Friday, August 18, 2006

 

STILL MORE FEMA

RV Business
Friday, August 18, 2006

In the future, the Federal Emergency Management Agency (FEMA) may supply residents whose homes get destroyed by hurricanes with concrete houses instead of travel trailers and manufactured housing.

According to the Charlotte Sun-News, the concrete dwellings can be constructed quickly using a process in which concrete is poured into a prefabricated form.

The dwellings would allow residents to continue residing on their properties throughout the recovery process, and the structures could be incorporated into permanent houses, said U.S. Rep. Mark Foley, R-West Palm Beach.

The state of Louisiana has already begun subsidizing the construction of the structures, said Scott Morris, director of the FEMA’s Florida Long-Term Recovery Office.

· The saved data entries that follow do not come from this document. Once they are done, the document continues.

(* In the model with two recommendation thresholds $0<R_1\le R_2<1$, suppose $F$ is symmetric ($F(-i)=1-F(i)$ for all $i$), and let $\sigma=q_H/q_L$. Then the value $V(R_1,R_2)$ of the recommendation system is (i) decreasing in $R_1$ if $\sigma<1$, and (ii) increasing in $R_2$ if $\sigma>1$.
   Context: Setting. Consumer types are $i\in[-1/2,1/2]$, distributed according to a continuous cumulative distribution function $F$ with full support on $[-1/2,1/2]$. A product has a quality vector $(Q_1,Q_2)\in\{0,1\}^2$; a type-$i$ consumer gets payoff $(1/2+i)Q_1+(1/2-i)Q_2$ from it. The versions $(1,1),(1,0),(0,1),(0,0)$ have prior probabilities $q_H,q_1,q_2,q_L$ respectively, all strictly positive and summing to $1$. One product carries a recommendation from a sender whose type is drawn from $F$ independently of the product. Given thresholds $0<R_1\le R_2<1$, the sender gives a buy recommendation $B$ if her payoff from the product is at least $R_2$, a don't-buy recommendation $D$ if it is below $R_1$, and a neutral recommendation $N$ if it lies in $[R_1,R_2)$. For $r\in\{B,N,D\}$, let $\pi^r$ be the probability of recommendation $r$ and $(p_H^r,p_1^r,p_2^r,p_L^r)$ the Bayesian posterior over $(1,1),(1,0),(0,1),(0,0)$ given $r$ (when $\pi^r>0$). Let $U_i^r=p_H^r+(1/2+i)p_1^r+(1/2-i)p_2^r$ and $U_i^0=q_H+(1/2+i)q_1+(1/2-i)q_2$ (expected payoff from an unrecommended alternative). The value of the recommendation system is $V(R_1,R_2)=\sum_{r\in\{B,N,D\}:\,\pi^r>0}\pi^r\int_{-1/2}^{1/2}\max\{U_i^r-U_i^0,0\}\,dF(i)$, the expected payoff gain of a receiver drawn from $F$ who, after each recommendation, optimally chooses between the recommended product and an alternative. *)

From HB Require Import structures.
From mathcomp Require Import all_boot all_order all_algebra.
From mathcomp Require Import all_classical all_reals all_analysis.
(* For $c>0$ define $$p_1(c)=1-2\Phi(c^{-1})-\sqrt{\tfrac{2}{\pi}}\,c\left(1-\exp\{-\tfrac{c^{-2}}{2}\}\right),$$ where $\Phi(s)=\Pr[X\ge s]$ for $X\sim N(0,1)$. Then for all $c>0$, $$p_1(c)=\sqrt{\tfrac{2}{\pi}}\sum_{k=0}^\infty\frac{(-1)^k}{2^kk!(2k+2)(2k+1)}\frac{1}{c^{2k+1}},$$ and for every $\delta\le\frac12$ and every $c\le\min\left\{\delta,\frac{1}{\sqrt{2\ln(1/\delta)}}\right\}$, $$e^{-\sqrt{\frac{2}{\pi}}(1+\delta)c}\le p_1(c)\le e^{-\sqrt{\frac2\pi}(1-\delta^3)c}.$$
   Context: $p_1(c)$ is the probability that two points at distance $cw$ collide under the Euclidean LSH $h(x)=\lceil (g^\top x+b)/w\rceil$ with $g\sim N(0,I_d)$, $b\sim U[0,w]$; the claim concerns only the explicit formula. *)

From Stdlib Require Import Reals.
From Coquelicot Require Import Coquelicot.
Open Scope R_scope.

Definition std_normal_pdf (t : R) : R := exp (- t ^ 2 / 2) / sqrt (2 * PI).

Definition Phi (s : R) : R :=
  RInt_gen std_normal_pdf (at_point s) (Rbar_locally p_infty).

Definition p1 (c : R) : R :=
  1 - 2 * Phi (/ c) - sqrt (2 / PI) * c * (1 - exp (- (/ c ^ 2) / 2)).

Definition p1_term (c : R) (k : nat) : R :=
  sqrt (2 / PI) * ((-1) ^ k /
    (2 ^ k * INR (Stdlib.Arith.Factorial.fact k) * (2 * INR k + 2) * (2 * INR k + 1)))
  * / c ^ (2 * k + 1).

From Stdlib Require Import Reals Lra Psatz Factorial.
From Coquelicot Require Import Coquelicot.
Open Scope R_scope.
(* (1) For every plane poset $P$, $\Delta_0(P)=\sum_{P_1P_2=P}P_1\otimes P_2$, the sum running over pairs of plane posets $(P_1,P_2)$ (possibly empty) with $P_1P_2=P$. (2) For any plane posets $P,Q$, $\langle P,Q\rangle_0\neq 0$ if and only if there exists $n\in\mathbb{N}$ such that $P=Q=\bullet^n$, where $\bullet^n$ is the plane poset with $n$ elements, no two of them $\leq_h$-comparable. Consequently, the kernel of the pairing $\langle-,-\rangle_0$ is the subspace spanned by the plane posets not of the form $\bullet^n$, which is a two-sided ideal of $(\mathcal{H}_{\mathcal{PP}},m)$.
   Context: A plane poset is a finite set with two partial orders $\leq_h,\leq_r$ such that two distinct elements are $\leq_h$-comparable iff they are not $\leq_r$-comparable, considered up to isomorphism; $\mathcal{H}_{\mathcal{PP}}$ is the vector space over a field $K$ with basis these classes. $PQ$ (product $m$) is the plane poset on $P\sqcup Q$ with $P,Q$ plane subposets, no $\leq_h$-comparability between $P$ and $Q$, and $x<_r y$ for $x\in P,y\in Q$. A biideal of $P$ is a subset $I$ with $x\in I$ and ($x\leq_h y$ or $x\leq_r y$) implying $y\in I$. $\Delta_0(P)=\sum_{I\text{ biideal of }P}0^{h(P\setminus I,I)}(P\setminus I)\otimes I$ where $h(A,B)=\sharp\{(x,y)\in A\times B\mid x<_h y\}$ and $0^0=1$. On a plane poset, $x\leq y$ iff ($x\leq_h y$ or $x\leq_r y$) is a total order (known fact); for $P,Q$ of equal cardinality $\theta_{P,Q}$ is the increasing bijection $P\to Q$, and $P\leq Q$ means: $\theta_{P,Q}(x)\leq_h\theta_{P,Q}(y)$ in $Q$ implies $x\leq_h y$ in $P$. $\iota(P)=(P,\leq_r,\leq_h)$. $\langle P,Q\rangle_0=0^{\phi(P,Q)}$ (with $0^0=1$) if $\iota(P)\leq Q$ and $0$ otherwise, where $\phi(P,Q)=\sharp\{(x,y)\in P^2\mid x<_r y,\ \theta_{P,Q}(x)<_h\theta_{P,Q}(y)\}+\sharp\{(x,y)\in P^2\mid x<_h y,\ \theta_{P,Q}(x)<_r\theta_{P,Q}(y)\}$. *)

From HB Require Import structures.
From mathcomp Require Import all_boot all_order all_algebra.
Set Implicit Arguments. Unset Strict Implicit. Unset Printing Implicit Defensive.
Import GRing.Theory.

Record pdata := PData { car : finType; hle : rel car; rle : rel car }.
Arguments hle : clear implicits.
Arguments rle : clear implicits.

Definition partial_order (T : Type) (R : rel T) : Prop :=
  [/\ reflexive R, antisymmetric R & transitive R].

Until Hurricane Charley hit Charlotte County in Southeast Florida on Aug. 13, 2004, FEMA had never supplied trailers to displaced residents, Morris said. But the plan was on the shelf when the storm hit, so it was quickly implemented, he said.

Within the first few months after the hurricane, FEMA moved 18,000 mobile homes and trailers into Florida.

As a Sept. 26 deadline looms, only 1,597 of the trailers remain occupied statewide, including about 200 in Charlotte County.

One problem with mobile-home mobilization is that it required FEMA to find sites, negotiate land leases and invest millions of dollars in site preparation. That money instead could be spent building permanent structures on residents' property, Foley said.

That would prevent people from getting displaced from their home neighborhoods, said state Rep. Mike Grant, R-Port Charlotte.

FEMA, in the future, would still provide the smaller RV trailers for people whose housing can't be replaced by a concrete dwelling, Morris said.